Modern AI workflows rarely consist of a single question and a single answer. Instead, they rely on multi-step LLM pipelines. These are complex sequences that combine retrieval, reasoning, and formatting steps. Because these steps interact, a failure in a middle stage can cascade. This causes the entire system to collapse.
Currently, most developers tackle this by manually tweaking individual prompts. This is like trying to fix a broken assembly line by only adjusting worker instructions. You might ignore the fact that the conveyor belt moves too slowly. If the bottleneck is structural (relating to the arrangement of steps), no amount of clever prompting will solve it.
A new study introduces FAPO (Fully Autonomous Prompt Optimization). This framework moves beyond mere prompt tuning. Instead of just fixing one prompt at a time, FAPO uses an AI agent to look at an entire multi-step workflow. It identifies exactly where a process is failing. It distinguishes between a bad search step or a formatting error. It then automatically fixes the prompts or the structure of the workflow to improve performance.
The limitations of prompt-only tuning
Traditional optimization methods, such as GEPA, focus on searching for better instruction strings within a fixed program. While effective for single-turn tasks, the authors argue this approach misses critical bottlenecks in multi-step chains. When a pipeline fails, the error might not be a misunderstanding of instructions. It might be a lack of sufficient information (a retrieval issue). It could also be a failure to follow a specific output schema (a formatting issue).
Existing tools primarily optimize the "textual" interface of a model. Consequently, they are blind to the underlying mechanics of the pipeline. If a reasoning step fails because the preceding retrieval step did not fetch the right documents, a prompt optimizer will struggle. It might simply try to tell the model to "guess better." This is a fundamentally flawed strategy. To truly optimize a complex system, the optimizer must see the "why" behind a failure. It needs to understand the "what" of the incorrect output.
An agentic loop for structural repair
FAPO approaches optimization as an autonomous engineering task. The framework utilizes Claude Code as an orchestrator to drive a continuous, closed-loop process. Unlike a static optimizer, FAPO operates within a standardized, isolated workspace for each task. This ensures that changes are reproducible. It also prevents data leakage (the accidental sharing of sensitive info) between different projects.
The mechanism functions through several specialized agents working in concert, as illustrated in .
First, the system evaluates the current pipeline variant on a set of training cases. Second, a step-attribution subagent analyzes the intermediate outputs. These are the "logs" of what happened at every stage of the chain. The subagent classifies failures. It determines if a mistake was prompt-addressable or structural.

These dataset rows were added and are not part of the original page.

(* Let $X$ be a topological space with topology $\tau$ and let $\hat X$ denote the set $X$ with the semi-regularization topology $\hat\tau$. If $X$ is strongly $\Theta$-discrete homogeneous, then $\hat X$ is also strongly $\Theta$-discrete homogeneous.
   Context: An open set $O$ is regular open if it equals the interior of its closure. The semi-regularization $\hat\tau$ of $\tau$ is the topology on $X$ generated by the base of all regular open subsets of $(X,\tau)$; $\hat X$ is Hausdorff iff $X$ is. A subset $D$ of a space $Y$ is $\Theta$-discrete if each point $y\in Y$ has a neighbourhood whose closure contains at most one point of $D$. A Hausdorff space $Y$ is strongly $\Theta$-discrete homogeneous (s$\Theta$-DH) if for any two $\Theta$-discrete subsets $A,B$ of $Y$ and any bijection $f\colon A\to B$, $f$ extends to a homeomorphism of $Y$ onto itself. *)

(* a topology on a carrier T is given as the family of its open
   sets, so that two topologies (tau and its semi-regularization) can live on
   the same carrier. *)
Set Implicit Arguments.

Definition set (T : Type) := T -> Prop.

Section Topo.
Variable T : Type.
Variable tau : set T -> Prop.

Definition is_topology : Prop :=
  tau (fun _ => True) /\
  (forall F : set T -> Prop, (forall U, F U -> tau U) ->
     tau (fun x => exists U, F U /\ U x)) /\
  (forall U V, tau U -> tau V -> tau (fun x => U x /\ V x)).

Definition interior (A : set T) : set T :=
  fun x => exists U, tau U /\ U x /\ (forall y, U y -> A y).

Definition closure (A : set T) : set T :=
  fun x => forall U, tau U -> U x -> exists y, U y /\ A y.

Definition regular_open (O : set T) : Prop :=
  tau O /\ (forall x, O x <-> interior (closure O) x).

Definition nbhd (y : T) (N : set T) : Prop :=
  exists U, tau U /\ U y /\ (forall z, U z -> N z).

Definition hausdorff : Prop :=
  forall x y, x <> y -> exists U V, tau U /\ tau V /\ U x /\ V y /\
    (forall z, ~ (U z /\ V z)).

Definition theta_discrete (D : set T) : Prop :=
  forall y, exists N, nbhd y N /\
    (forall a b, D a -> D b -> closure N a -> closure N b -> a = b).

Definition continuous (h : T -> T) : Prop :=
  forall U, tau U -> tau (fun x => U (h x)).

Definition homeomorphism (h : T -> T) : Prop :=
  exists g : T -> T, (forall x, g (h x) = x) /\ (forall y, h (g y) = y) /\
    continuous h /\ continuous g.

Definition bij_on (f : T -> T) (A B : set T) : Prop :=
  (forall x, A x -> B (f x)) /\
  (forall x y, A x -> A y -> f x = f y -> x = y) /\
  (forall y, B y -> exists x, A x /\ f x = y).

Definition strongly_theta_DH : Prop :=
  hausdorff /\
  forall (A B : set T) (f : T -> T), theta_discrete A -> theta_discrete B ->
    bij_on f A B ->
    exists h, homeomorphism h /\ (forall x, A x -> h x = f x).
End Topo.

Definition semireg (T : Type) (tau : set T -> Prop) : set T -> Prop :=
  fun U => forall x, U x -> exists R, regular_open tau R /\ R x /\
                                      (forall y, R y -> U y).

From Stdlib Require Import FunctionalExtensionality PropExtensionality.

(* The semi-regular topology is coarser than [tau].  Hence a neighbourhood in
   it is a [tau]-neighbourhood with a larger closure, so every Θ-discrete set
   of the semi-regularization is Θ-discrete for [tau].  A [tau]-homeomorphism
   commutes with interior and closure, so it permutes the regular open sets
   and is a homeomorphism of the semi-regularization as well.  Finally,
   disjoint open sets [U], [V] have disjoint regular open hulls
   [int (cl U)], [int (cl V)], so Hausdorffness survives. *)

Section FinerTopology.
Variables (T : Type) (sigma tau : set T -> Prop).
Hypothesis sigma_sub_tau : forall U, sigma U -> tau U.

Lemma nbhd_finer (y : T) (N : set T) : nbhd sigma y N -> nbhd tau y N.
Proof. intros [U [HU HUN]]. exists U; auto. Qed.

Lemma closure_finer (A : set T) (x : T) : closure tau A x -> closure sigma A x.
Proof. intros Hx U HU. apply Hx; auto. Qed.

Lemma theta_discrete_finer (D : set T) :
  theta_discrete sigma D -> theta_discrete tau D.
Proof.
  intros HD y. destruct (HD y) as [N [HN Hd]].
  exists N. split; [apply nbhd_finer; exact HN|].
  intros a b Da Db Ca Cb.
  apply Hd; [exact Da | exact Db | apply closure_finer; exact Ca
            | apply closure_finer; exact Cb].
Qed.
End FinerTopology.

Section Topology.
Variables (T : Type) (tau : set T -> Prop).
Hypothesis top : is_topology tau.

Lemma open_ext (A B : set T) : (forall x, A x <-> B x) -> tau A -> tau B.
Proof.
  intros HAB HA. replace B with A; [exact HA|].
  apply functional_extensionality; intro x; apply propositional_extensionality; auto.
Qed.

Lemma open_interior (A : set T) : tau (interior tau A).
Proof.
  destruct top as [_ [open_union _]].
  apply open_ext with
    (A := fun x => exists U, (tau U /\ forall y, U y -> A y) /\ U x).
  - intro x; split.
    + intros [U [[HU HUA] Ux]]. exists U; auto.
    + intros [U [HU [Ux HUA]]]. exists U; auto.
  - apply open_union. intros U [HU _]; exact HU.
Qed.

Lemma interior_mono (A B : set T) : (forall x, A x -> B x) ->
  forall x, interior tau A x -> interior tau B x.
Proof. intros HAB x [U [HU [Ux HUA]]]. exists U; auto. Qed.

Lemma closure_sub_closure (A B : set T) : (forall x, A x -> closure tau B x) ->
  forall x, closure tau A x -> closure tau B x.
Proof.
  intros HAB x Hx U HU Ux. destruct (Hx U HU Ux) as [y [Uy Ay]].
  exact (HAB y Ay U HU Uy).
Qed.

Lemma open_sub_interior_closure (U : set T) : tau U ->
  forall x, U x -> interior tau (closure tau U) x.
Proof.
  intros HU x Ux. exists U. repeat split; auto.
  intros y Uy V _ Vy. exists y; auto.
Qed.

Lemma regular_open_interior_closure (A : set T) :
  regular_open tau (interior tau (closure tau A)).
Proof.
  split; [apply open_interior|]. intro x; split.
  - apply open_sub_interior_closure, open_interior.
  - apply interior_mono, closure_sub_closure.
    intros y [W [_ [Wy HW]]]. exact (HW y Wy).
Qed.

Lemma regular_open_semireg (R : set T) : regular_open tau R -> semireg tau R.
Proof. intros HR x Rx. exists R; auto. Qed.

Lemma semireg_open (U : set T) : semireg tau U -> tau U.
Proof.
  destruct top as [_ [open_union _]]. intro HU.
  apply open_ext with
    (A := fun x => exists R, (regular_open tau R /\ forall y, R y -> U y) /\ R x).
  - intro x; split.
    + intros [R [[_ HRU] Rx]]. exact (HRU x Rx).
    + intro Ux. destruct (HU x Ux) as [R [HR [Rx HRU]]]. exists R; auto.
  - apply open_union. intros R [[HR _] _]; exact HR.
Qed.

Lemma theta_discrete_semireg (D : set T) :
  theta_discrete (semireg tau) D -> theta_discrete tau D.
Proof. apply theta_discrete_finer, semireg_open. Qed.

Lemma hausdorff_semireg : hausdorff tau -> hausdorff (semireg tau).
Proof.
  intros Hh x y Hxy. destruct (Hh x y Hxy) as [U [V [HU [HV [Ux [Vy UV]]]]]].
  exists (interior tau (closure tau U)), (interior tau (closure tau V)).
  repeat split;
    try (apply regular_open_semireg, regular_open_interior_closure);
    try (apply open_sub_interior_closure; assumption).
  intros z [[W1 [HW1 [W1z clU]]] [W2 [HW2 [W2z clV]]]].
  destruct (clU z W1z W2 HW2 W2z) as [w [W2w Uw]].
  destruct (clV w W2w U HU Uw) as [v [Uv Vv]].
  exact (UV v (conj Uv Vv)).
Qed.

Section Homeomorphism.
Variables h g : T -> T.
Hypotheses (gh : forall x, g (h x) = x) (hg : forall y, h (g y) = y).
Hypotheses (h_cont : continuous tau h) (g_cont : continuous tau g).

Lemma closure_preimage (S : set T) (z : T) :
  closure tau (fun w => S (h w)) z <-> closure tau S (h z).
Proof.
  split.
  - intros Hc V HV Vhz.
    destruct (Hc _ (h_cont V HV) Vhz) as [w [Vhw Shw]]. exists (h w); auto.
  - intros Hc V HV Vz.
    assert (Vghz : V (g (h z))) by (rewrite gh; exact Vz).
    destruct (Hc _ (g_cont V HV) Vghz) as [w [Vgw Sw]].
    exists (g w). rewrite hg; auto.
Qed.

Lemma interior_preimage (S : set T) (z : T) :
  interior tau (fun w => S (h w)) z <-> interior tau S (h z).
Proof.
  split.
  - intros [V [HV [Vz HVS]]]. exists (fun w => V (g w)).
    split; [exact (g_cont V HV)|]. split; [rewrite gh; exact Vz|].
    intros w Vgw. rewrite <- (hg w). exact (HVS _ Vgw).
  - intros [V [HV [Vhz HVS]]]. exists (fun w => V (h w)).
    split; [exact (h_cont V HV)|]. auto.
Qed.

Lemma regular_open_preimage (R : set T) :
  regular_open tau R -> regular_open tau (fun w => R (h w)).
Proof.
  intros [HR HRr]. split; [exact (h_cont R HR)|]. intro z.
  rewrite HRr, <- interior_preimage.
  split; apply interior_mono; intros w; apply closure_preimage.
Qed.

Lemma continuous_semireg : continuous (semireg tau) h.
Proof.
  intros U HU x Uhx. destruct (HU (h x) Uhx) as [R [HR [Rhx HRU]]].
  exists (fun w => R (h w)). split; [apply regular_open_preimage; exact HR|]. auto.
Qed.
End Homeomorphism.

Lemma homeomorphism_semireg (h : T -> T) :
  homeomorphism tau h -> homeomorphism (semireg tau) h.
Proof.
  intros [g [gh [hg [h_cont g_cont]]]]. exists g.
  repeat split; auto; [apply continuous_semireg with g | apply continuous_semireg with h]; auto.
Qed.
End Topology.

Arguments hausdorff_semireg {T tau}.
Arguments theta_discrete_semireg {T tau} top {D}.
Arguments homeomorphism_semireg {T tau h}.

Theorem mainTheorem15 (T : Type) (tau : set T -> Prop) :
  is_topology tau -> strongly_theta_DH tau -> strongly_theta_DH (semireg tau).
Proof.
  intros top [Hh Hs]. split; [exact (hausdorff_semireg top Hh)|].
  intros A B f HA HB Hf.
  destruct (Hs A B f (theta_discrete_semireg top HA) (theta_discrete_semireg top HB) Hf)
    as [h [Hhomeo Hext]].
  exists h. split; [exact (homeomorphism_semireg Hhomeo) | exact Hext].
Qed.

Once a failure is diagnosed, the optimization agent proposes a "scoped" change. FAPO follows a strict hierarchy. It always attempts prompt edits first. Only when the attribution report suggests that prompt-level search has plateaued does the system escalate. It may then change chain parameters or the actual pipeline architecture. To prevent the agent from breaking the system, a third agent acts as a safety gate. This variant-reviewer checks every proposal for scope compliance and potential data leakage before testing .

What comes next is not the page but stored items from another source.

(* Let $f\in\mathcal{F}_k$. For all $p\in\Delta_\mathcal{Y}$ and $r\in\mathcal{Y}$, $\Gamma(p\odot r)=\Gamma(p)\odot r$, where $\Gamma(q)=\arg\min_{u\in\mathbb{R}^k}\sum_{y\in\mathcal{Y}}q_yL^f(u,y)$ and $p\odot r\in\Delta_\mathcal{Y}$ is defined by $(p\odot r)_y=p_{y\odot r}$.
   Context: $[k]=\{1,\dots,k\}$, $\mathcal{Y}=\{-1,1\}^k$, $\Delta_\mathcal{Y}$ the distributions on $\mathcal{Y}$; $u\odot u'$ entrywise product (extended to sets elementwise), $\mathbbm{1}$ all-ones, $(x)_+$ entrywise positive part. $\mathcal{F}_k$: submodular, increasing, normalized set functions $f:2^{[k]}\to\mathbb{R}$. Lovász extension $F(x)=\max_\pi\sum_{i=1}^kx_{\pi_i}(f(\{\pi_1,..,\pi_i\})-f(\{\pi_1,..,\pi_{i-1}\}))$ for $x\in\mathbb{R}^k_+$; Lovász hinge $L^f(u,y)=F((\mathbbm{1}-u\odot y)_+)$. *)

From HB Require Import structures.
From mathcomp Require Import all_boot all_order all_algebra all_fingroup.
From mathcomp Require Import reals.
Set Implicit Arguments. Unset Strict Implicit. Unset Printing Implicit Defensive.
Import Order.TTheory GRing.Theory Num.Theory.
Local Open Scope ring_scope.

(* Label space Y = {-1,1}^k, encoded as boolean vectors: true <-> 1, false <-> -1. *)
Definition Ylab (k : nat) := {ffun 'I_k -> bool}.

Definition sgn {R : ringType} (b : bool) : R := if b then 1 else -1.

Definition yvec {R : ringType} k (y : Ylab k) : 'rV[R]_k := \row_i sgn (y i).

(* Entrywise product on labels: sgn a * sgn b = sgn (a == b). *)
Definition ymul k (y r : Ylab k) : Ylab k := [ffun i => y i == r i].

Definition vmul {R : ringType} k (u v : 'rV[R]_k) : 'rV[R]_k :=
  \row_i (u ord0 i * v ord0 i).

Definition is_distr {R : numDomainType} k (p : {ffun Ylab k -> R}) :=
  (forall y, 0 <= p y) /\ \sum_y p y = 1.

Definition pmul {R : ringType} k (p : {ffun Ylab k -> R}) (r : Ylab k)
  : {ffun Ylab k -> R} := [ffun y => p (ymul y r)].

Definition submodular {R : numDomainType} k (f : {set 'I_k} -> R) :=
  forall A B : {set 'I_k}, f (A :|: B) + f (A :&: B) <= f A + f B.
Definition increasing {R : numDomainType} k (f : {set 'I_k} -> R) :=
  forall A B : {set 'I_k}, A \subset B -> f A <= f B.
Definition normalized {R : numDomainType} k (f : {set 'I_k} -> R) :=
  f set0 = 0.
Definition in_Fk {R : numDomainType} k (f : {set 'I_k} -> R) :=
  [/\ submodular f, increasing f & normalized f].

(* {pi_1, ..., pi_i} for the permutation s (0-based: images of j < i). *)
Definition prefix k (s : 'S_k) (i : nat) : {set 'I_k} :=
  [set s j | j : 'I_k & (j < i)%N].

(* Only ever applied to x in R^k_+, where (f increasing, normalized) every
   candidate is >= 0, so using 0 as the neutral element of max is harmless. *)
Definition lovasz {R : realDomainType} k (f : {set 'I_k} -> R) (x : 'rV[R]_k) : R :=
  \big[Num.max/0]_(s : 'S_k)
     \sum_(i < k) x ord0 (s i) * (f (prefix s i.+1) - f (prefix s i)).

Definition lovasz_hinge {R : realDomainType} k (f : {set 'I_k} -> R)
  (u : 'rV[R]_k) (y : Ylab k) : R :=
  lovasz f (\row_i Num.max (1 - u ord0 i * sgn (y i)) 0).

Definition risk {R : realDomainType} k (f : {set 'I_k} -> R)
  (q : {ffun Ylab k -> R}) (u : 'rV[R]_k) : R :=
  \sum_y q y * lovasz_hinge f u y.

Definition Gamma {R : realDomainType} k (f : {set 'I_k} -> R)
  (q : {ffun Ylab k -> R}) (u : 'rV[R]_k) : Prop :=
  forall v : 'rV[R]_k, risk f q u <= risk f q v.

From HB Require Import structures.
From mathcomp Require Import all_boot all_order all_algebra all_fingroup.
From mathcomp Require Import reals.
Set Implicit Arguments.
Unset Strict Implicit.
Unset Printing Implicit Defensive.
Import Order.TTheory GRing.Theory Num.Theory.
Local Open Scope ring_scope.

(* Flipping the signs selected by r, simultaneously on the score vector u and
   on the label y, leaves every margin u_i y_i and hence the Lovász hinge
   unchanged.  The flip is an involution on labels, so the risk under p ⊙ r of
   the flipped score equals the risk under p of the original one, and the two
   argmin sets correspond under the flip. *)

Lemma ymulK k (r : Ylab k) : involutive (fun y => ymul y r).
Proof. by move=> y; apply/ffunP => i; rewrite !ffunE; case: (y i) (r i) => -[]. Qed.

Lemma sgn_eq (R : nzRingType) (a b : bool) : sgn (a == b) = sgn a * sgn b :> R.
Proof. by case: a b => -[]; rewrite /sgn ?mulrNN ?mulrN ?mulNr ?mulr1. Qed.

Lemma sgn_mulss (R : nzRingType) (b : bool) : sgn b * sgn b = 1 :> R.
Proof. by rewrite -sgn_eq eqxx. Qed.

Lemma vmul_yvecK (R : nzRingType) k (r : Ylab k) :
  involutive (fun v : 'rV[R]_k => vmul v (yvec r)).
Proof. by move=> v; apply/rowP => i; rewrite !mxE -mulrA sgn_mulss mulr1. Qed.

Lemma lovasz_hinge_reflect (R : realDomainType) k (f : {set 'I_k} -> R)
    (r y : Ylab k) (v : 'rV[R]_k) :
  lovasz_hinge f (vmul v (yvec r)) (ymul y r) = lovasz_hinge f v y.
Proof.
rewrite /lovasz_hinge; congr lovasz; apply/rowP => i; rewrite !mxE ffunE sgn_eq.
by rewrite mulrACA [sgn (r i) * _]mulrC -mulrA sgn_mulss mulr1.
Qed.

Lemma risk_reflect (R : realDomainType) k (f : {set 'I_k} -> R)
    (p : {ffun Ylab k -> R}) (r : Ylab k) (v : 'rV[R]_k) :
  risk f (pmul p r) (vmul v (yvec r)) = risk f p v.
Proof.
rewrite /risk (reindex_inj (inv_inj (ymulK r))) /=.
by apply: eq_bigr => y _; rewrite lovasz_hinge_reflect ffunE ymulK.
Qed.

Lemma Gamma_reflect (R : realDomainType) k (f : {set 'I_k} -> R)
    (p : {ffun Ylab k -> R}) (r : Ylab k) (v : 'rV[R]_k) :
  Gamma f (pmul p r) (vmul v (yvec r)) <-> Gamma f p v.
Proof.
split=> opt w; last by rewrite -(vmul_yvecK r w) !risk_reflect.
by rewrite -(risk_reflect f p r) -[X in _ <= X](risk_reflect f p r).
Qed.

Theorem lemma7 (R : realType) (k : nat) (f : {set 'I_k} -> R) (hf : in_Fk f)
  (p : {ffun Ylab k -> R}) (hp : is_distr p) (r : Ylab k) :
  forall u : 'rV[R]_k,
    Gamma f (pmul p r) u <->
    exists2 v : 'rV[R]_k, Gamma f p v & u = vmul v (yvec r).
Proof.
move=> u; split=> [opt_u | [v opt_v ->]]; last exact/Gamma_reflect.
exists (vmul u (yvec r)); last by rewrite vmul_yvecK.
by apply/(Gamma_reflect _ _ r); rewrite vmul_yvecK.
Qed.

Escalation drives significant gains
The authors report that FAPO outperforms the GEPA baseline in 15 of 18 model–benchmark comparisons. The most striking evidence of FAPO's effectiveness appears when the system is permitted to move beyond text edits. In the six comparisons involving the HoVer and IFBench benchmarks, FAPO won every single one. In these cases, FAPO escalated to structural changes. It achieved a mean gain of +33.8 percentage points (pp). This represents a massive jump in accuracy compared to the baseline.
These gains represent fundamental shifts in capability. For example, on the HoVer task (many-hop fact verification), FAPO identified insufficient retrieval coverage. It responded by extending the baseline 3-hop retrieval chain to a 4–5 hop chain. Similarly, on IFBench (verifiable instruction following), FAPO added deterministic post-processing nodes. These nodes enforce formatting constraints.
Even when restricted to prompt-only optimization, FAPO remains competitive. In security-focused tasks like CTIBench-RCM, FAPO lifts test accuracy. It achieves gains of up to +7.1 pp on specialized models. As seen in, the optimization trajectory typically shows steady climbs in validation performance.
The agent iterates through increasingly sophisticated prompt variants to achieve these results.
Path dependence and mathematical noise
Despite these successes, the paper highlights important trade-offs. One notable drawback is that FAPO exhibits higher run-to-run variation. This happens when it is allowed to escalate to structural changes. The authors attribute this to "path dependence." This means that once the optimizer decides to change the architecture, it enters a different optimization landscape. This makes the outcome of a single run harder to predict.
Furthermore, the results on the AIME mathematical benchmark were inconclusive. In all three model comparisons for AIME, GEPA actually led FAPO. The authors speculate this may be due to overfitting (optimizing too closely to a specific dataset) on small sample sizes. This is particularly relevant in the vast problem space of competitive mathematics. For practitioners, this means performance on pure, high-complexity reasoning tasks may remain volatile.
A new standard for pipeline engineering
FAPO represents a shift from "prompt engineering" to "pipeline engineering." It treats the LLM workflow as an inspectable, editable piece of software. This provides a path toward much more reliable autonomous systems. The ability to automatically diagnose failures is a significant step. It reduces the manual toil involved in deploying LLM agents.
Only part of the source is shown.